== Material supplied ==

(** If [N = A (+) B] with [A], [B] nonzero ideals, then [[A, B] = 0], so the components
    of a central vector are central and [Z = (A :&: Z) (+) (B :&: Z)].  Neither summand is
    central: if [A] were, every bracket would lie in [B], whence [A <= Z <= [N, N] <= B]
    and [A = 0].  Bases of [A :\: Z], [B :\: Z] (the [X]-part) and of [A :&: Z],
    [B :&: Z] (the [I]-part) then put [A(X, I)] in block diagonal format, [S] and [T]
    being the indices of the basis vectors lying in [A].
    Conversely, for a format [(S, T)] the spans of [X_S, I_T] and of [X_S^c, I_T^c] are
    ideals because brackets are central, and they are complementary because [(X, I)] is
    a basis. *)
From mathcomp Require Import zify.
From mathcomp Require Import all_boot all_algebra.
Set Implicit Arguments. Unset Strict Implicit. Unset Printing Implicit Defensive.
Import GRing.Theory.
Local Open Scope ring_scope.

Section Spans.
Variables (K : fieldType) (V : vectType K).

Lemma scalar_span_eq0 (f : {scalar V}) (u : seq V) v :
  {in u, forall x, f x = 0} -> v \in <<u>>%VS -> f v = 0.
Proof.
move=> fu0 /(@coord_span _ _ _ (in_tuple u)) ->.
by rewrite linear_sum big1 // => i _; rewrite linearZ /= fu0 ?mulr0 // mem_nth.
Qed.

Lemma coord_span_image n (X : n.-tuple V) (T : {set 'I_n}) k v :
  free X -> v \in <<[seq tnth X l | l in T]>>%VS -> k \notin T -> coord X k v = 0.
Proof.
move=> freeX vT kT; apply: scalar_span_eq0 vT => _ /imageP [l lT ->] /=.
rewrite (tnth_nth 0) coord_free //; case: eqP => [lk | _]; last exact: mulr0n.
by move: lT; rewrite lk (negbTE kT).
Qed.

Lemma span_image_coord n (X : n.-tuple V) (T : {set 'I_n}) v :
  v \in <<X>>%VS -> (forall k, k \notin T -> coord X k v = 0) ->
  v \in <<[seq tnth X k | k in T]>>%VS.
Proof.
move=> vX suppT; rewrite (coord_span vX); apply: memv_suml => k _.
have [kT | kT] := boolP (k \in T); last by rewrite suppT // scale0r mem0v.
by apply/memvZ/memv_span; rewrite -tnth_nth image_f.
Qed.

Lemma span_sub_image n (X : n.-tuple V) (T : {set 'I_n}) (u : seq V) :
  {subset u <= X} -> (forall k, tnth X k \in u -> k \in T) ->
  (<<u>> <= <<[seq tnth X k | k in T]>>)%VS.
Proof.
move=> uX uT; apply/span_subvP => x xu; have /tnthP [k xk] := uX x xu.
by apply: memv_span; rewrite xk image_f // uT // -xk.
Qed.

===

- [Task goal]
Going back over the entries above, copy word for word every line from the one that has "move=> fu0 /(@coord_span" on through the one that has "have [kT | kT]".

- [Solution to the exercise]
move=> fu0 /(@coord_span _ _ _ (in_tuple u)) ->.
by rewrite linear_sum big1 // => i _; rewrite linearZ /= fu0 ?mulr0 // mem_nth.
Qed.

Lemma coord_span_image n (X : n.-tuple V) (T : {set 'I_n}) k v :
  free X -> v \in <<[seq tnth X l | l in T]>>%VS -> k \notin T -> coord X k v = 0.
Proof.
move=> freeX vT kT; apply: scalar_span_eq0 vT => _ /imageP [l lT ->] /=.
rewrite (tnth_nth 0) coord_free //; case: eqP => [lk | _]; last exact: mulr0n.
by move: lT; rewrite lk (negbTE kT).
Qed.

Lemma span_image_coord n (X : n.-tuple V) (T : {set 'I_n}) v :
  v \in <<X>>%VS -> (forall k, k \notin T -> coord X k v = 0) ->
  v \in <<[seq tnth X k | k in T]>>%VS.
Proof.
move=> vX suppT; rewrite (coord_span vX); apply: memv_suml => k _.
have [kT | kT] := boolP (k \in T); last by rewrite suppT // scale0r mem0v.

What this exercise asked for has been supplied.